Thermal Expansion
The top diagram shows that when a round metal with a circle cut out is heated, the metal expands and the hole gets bigger.
The bottom diagram shows a
bimetallic strip. When heated, one metal expands moroe than the other metals
and causes the metal to curve. This is because different metals have different
expansion rates. This concept was confirmed in a lab experiment conducted by Prof. Mason.
Thermal Expansion of a Metal Rod
A metal rod has one end fixed in position while the other is free to move with expansion. A pulley supports the free end of the rod. As the rod expands, the pulley rotates and the change in length can be found by measuring the angle that the pulley moves through. With the help of the diameter, circumference, and angle of motion of the pulley, we can then use the original length of the rod to find the coefficient of thermal expansion of the metal (alpha). We found this coefficient to be 2.93 X 10^-5.
However, within every measured value there is a certain degree of uncertainty. To account for this, we propagated for the uncertainty of alpha considering the uncertainties in the measurements of temperature, diameter, and angle movement (theta). We propagated for the uncertainty in alpha and found that uncertainty was +/- 4.26 X 10^-6
This now means that alpha is 2.93 X 10^-5 +/- 4.26 X 10^-6.
We checked a thermal expansion table of metals and compared it with our results. We found several metals that were within the value and uncertainty range we came up with. However, we can make an educated guess and be fairly confident that the rod material was aluminum since it is cheap and it does not look like lead or glass, etc.
Latent Heat of Vaporization
In this experiment, we set up logger pro to track a temperature change in water as heat is added to it by a 308 W immersion heater. The initial mass of the water and cup was 150 g. We started the data collection and we can see the temperature rising in the graph.

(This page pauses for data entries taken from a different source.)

(* In a chordal graph the boundary of a component of G - N[r] is a clique:
   two non-adjacent boundary vertices would be joined, through the component,
   by a walk avoiding N[r], against [chordal_no_detour]. *)
Lemma boundary_clique r t u v : ~~ in_nbhd r t ->
  u \in boundary (away_comp r t) -> v \in boundary (away_comp r t) ->
  u != v -> e u v.
Proof.
move=> rt bu bv neq_uv; apply: contraT => neuv.
have eru := boundary_adj rt bu; have erv := boundary_adj rt bv.
move: bu bv; rewrite !inE => /andP [_ /existsP [a /andP [aC eua]]].
move=> /andP [_ /existsP [b /andP [bC evb]]].
have /connectP [p pp lp] : connect (away_rel r) a b.
  move: aC bC; rewrite !inE => ta; apply: connect_trans.
  by rewrite (sym_connect_sym (away_rel_sym r)).
have walk_w : walk e u (u :: rcons (a :: p) v).
  apply: path_walk; rewrite rcons_path /= eua -lp esym evb andbT.
  by apply: sub_path pp => x y /and3P [].
exfalso; apply: (chordal_no_detour simple chordal_e eru erv neq_uv neuv walk_w) => //.
  by rewrite /= last_rcons.
move=> x; rewrite in_cons mem_rcons in_cons => /or3P [-> // | -> | xp].
  by rewrite orbT.
have : x \in away_comp r t.
  by move: aC; rewrite !inE => ta; apply: connect_trans ta (path_connect pp xp).
by move/(away_comp_out rt); rewrite /in_nbhd negb_or => ->; rewrite !orbT.
Qed.

Lemma away_comp_shrink r t x : ~~ in_nbhd r t ->
  x \in boundary (away_comp r t) -> ~~ in_nbhd x t ->
  away_comp x t \proper away_comp r t.
Proof.
move=> rt bx xt; apply/properP; split.
  apply/subsetP => y; rewrite inE.
  apply: (connect_preserved (P := fun a => a \in away_comp r t)) (away_comp_self r t) _.
  move=> a b aC /and3P [eab _ xb].
  apply: contraT => bC.
  have bb : b \in boundary (away_comp r t).
    by rewrite inE bC; apply/existsP; exists a; rewrite aC esym.
  case: (eqVneq x b) => [xb_eq | neq_xb]; first by move: xb; rewrite xb_eq /in_nbhd eqxx.
  by move: xb; rewrite /in_nbhd (boundary_clique rt bx bb neq_xb) orbT.
move: bx; rewrite inE => /andP [_ /existsP [y /andP [yC exy]]].
exists y => //; apply/negP => /(away_comp_out xt).
by rewrite /in_nbhd exy orbT.
Qed.

End Chordal.

Lemma boundary_separates (C : {set T}) s t :
  t \in C -> s \notin C -> (forall c, c \in C -> ~~ e s c) ->
  separates e (boundary C) s t.
Proof.
move=> tC sC s_far; apply/and3P; split.
- rewrite inE sC /=; apply/existsP => -[y /andP [yC esy]].
  by move: (s_far y yC); rewrite esy.
- by rewrite inE tC.
apply/negP => conn; suff : t \notin C by rewrite tC.
apply: (connect_preserved (P := fun a => a \notin C)) sC _ conn.
move=> a b aC /and3P [eab aB _]; apply/negP => bC.
by move: aB; rewrite inE aC /= => /negP; apply; apply/existsP; exists b; rewrite bC.
Qed.

End Components.

Section DividerStrategy.
Variables (T : finType) (e : rel T).
Hypothesis esym : symmetric e.

Definition cover (S : {set T}) : {ffun 'I_#|S| -> T} := [ffun i => enum_val i].

Lemma cover_in (S : {set T}) i : cover S i \in S.
Proof. by rewrite ffunE enum_valP. Qed.

Lemma cover_occupied (S : {set T}) v : occupied (cover S) v = (v \in S).
Proof.
apply/existsP/idP => [[i /eqP <-] | vS]; first exact: cover_in.
by exists (enum_rank_in vS v); rewrite ffunE enum_rankK_in.
Qed.

Lemma moves_avoiding (S : {set T}) (x : nat -> T) N :
  x 0 \notin S ->
  (forall m, m < N -> step e (x m) (x m.+1) && (x m.+1 \notin S)) ->
  connect [rel a b | [&& e a b, a \notin S & b \notin S]] (x 0) (x N)
  && (x N \notin S).
Proof.
move=> x0S moves; elim: N moves => [|N IH] moves; first by rewrite connect0.
case/andP: (IH (fun m lt_m => moves m (ltnW lt_m))) => conn xS.
case/andP: (moves N (ltnSn N)) => /orP [/eqP <- | eN] xS'; first by rewrite conn.
rewrite xS' andbT; apply: connect_trans conn (connect1 _).
by rewrite /= eN xS xS'.
Qed.

(* Divider wins with #|S| agents by occupying a separator [S] forever: R and
   J can then never leave the components of [s] and [t] in G - S. *)
Lemma divider_wins_sep (S : {set T}) s t :
  separates e S s t -> divider_wins e #|S| s t.
Proof.
move=> /and3P [sS tS no_conn].
exists (cover S), (fun _ => cover S); split.
  by move=> i; split; apply/eqP => agent_i; [move: sS | move: tS];
     rewrite -agent_i cover_in.
move=> r j r0 j0 N legal.
have pos m : dpos (cover S) (fun _ => cover S) r j m = cover S by case: m.
have r0S : r 0 \notin S by rewrite r0.
have j0S : j 0 \notin S by rewrite j0.
have r_moves m : m < N -> step e (r m) (r m.+1) && (r m.+1 \notin S).
  by move=> lt_m; case: (legal m lt_m); rewrite pos !cover_occupied => -> ->.
have j_moves m : m < N -> step e (j m) (j m.+1) && (j m.+1 \notin S).
  by move=> lt_m; case: (legal m lt_m); rewrite pos !cover_occupied => _ _ -> ->.
have /andP [r_stays _] := moves_avoiding r0S r_moves.
have /andP [j_stays _] := moves_avoiding j0S j_moves.
rewrite r0 in r_stays; rewrite j0 in j_stays.
split.
  apply: contra no_conn => /eqP meet; apply: connect_trans r_stays _.
  rewrite meet (sym_connect_sym _) // => x y.
  by rewrite /= esym [(x \notin S) && _]andbC.
move=> m lt_m i; rewrite !pos.
case: (legal m lt_m); rewrite pos !cover_occupied => _ rS _ jS.
split; [by rewrite /step eqxx | apply: contraNneq rS => <- | apply: contraNneq jS => <-];
  exact: cover_in.
Qed.

End DividerStrategy.

Lemma free_vertex (T : finType) k (p : {ffun 'I_k -> T}) (P : {set T}) :
  k < #|P| -> exists2 y, y \in P & ~~ occupied p y.
Proof.
move=> small; apply/exists_inP; apply: contraTT small => /exists_inPn free.
have cover_P : P \subset [set p i | i : 'I_k].
  by apply/subsetP => y /free /negbNE /existsP [i /eqP <-]; apply: imset_f.
rewrite -leqNgt (leq_trans (subset_leq_card cover_P)) //.
by rewrite (leq_trans (leq_imset_card _ _)) // card_ord.
Qed.

Section FacilitatorStrategy.
Variables (T : finType) (e : rel T) (s t : T) (k : nat).
Hypotheses (simple : simple_graph e) (chordal_e : chordal e).
Hypothesis s_far : ~~ in_nbhd e s t.
Hypothesis large_separators : forall S, separates e S s t -> k < #|S|.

At this point, the water is boiling and we can see from the graph below that the temperature keeps constant at 100*C.
We allowed the water to boil long enough for sufficient mass to be lost by steam. The final mass measured was 133.0 g, which means there was 17.7 g mass loss due to steam. However, the amount actually lost is greater because steam mass was being lost between the end of the data collection to the time when we measured the mass.
We measured the change in time when water was boiling by selecting the region where the line of the graph was horizontal at 100*C. This came out to be 116.5 s.
Now that we have the change in time, power, and mass we can solve for the latent heat of vaporization by doing the following.
First we took that the amount of energy is proportional to the power and time (W=Pt). This gave us that 35882 J of energy were used in the 116.5 s.
Next we took the amount of energy used and divided it by the amount of mass lost due to steam. This gave us the latent heat of vaporization for water to be 2027 J/g or 2.027 x 10^6 J/kg.
We took the results of experimental latent heat of vaporization for water and put them on a spreadsheet. With this we were able to calculate the standard deviation for the experiments. The standard deviation was 8.58x10^5 J/kg. We can take this to be the uncertainty in the experiment. This means that our value for latent heat of vaporization was 2.027 x 10^6 J/kg +/- 8.58x10^5 J/kg. This range of uncertainty covers the true value therefore we conclude that the our experimental value is accurate.
Latent Heats
In this problem, we will determine the final temperature of a 790 g block of ice that has 215 kJ of heat added to it. The total heat is equal to the heat required to take the temperature up from -5 *C to 0 *C, then the latent heat of fusion for water, and then the heat required to take the temperature of liquid water up to its final temperature.
We calculated that it takes 8255.5 J to rise the temperature 5 C* to 0 *C. Then we calculated that the latent heat of fusion was 1777500 J. This means that to change the temperature of solid water from -5 *C to liquid water at 0 *C, it takes 1785.76 kJ (82.555 kJ + 1777.5 kJ) of energy. This means 215 kJ is not enough to melt the block ice, therefore, the final temperature is 0 *C.
We also summed the energies and came up with a negative result. The negative implies that there needs to be more energy applied to the ice.
Relationships Between Pressure, Volume, and Temperature
This shows the relationship between pressure (P) and volume (V). We can see that the pressure and volume are inversely proportional. It is somewhat intuitive since if volume gets closer and closer to zero, the pressure must be approaching infinity. So P=A/V where A is a constant.
A demonstration with hot and cold water was conducted with a pressure sensor. The graph below shows the relationships between temperature and pressure.
This shows the relationship between pressure (P) and temperature (T). The pressure is proportional to the temperature. The graph of P vs. T is linear as seen from the demonstration.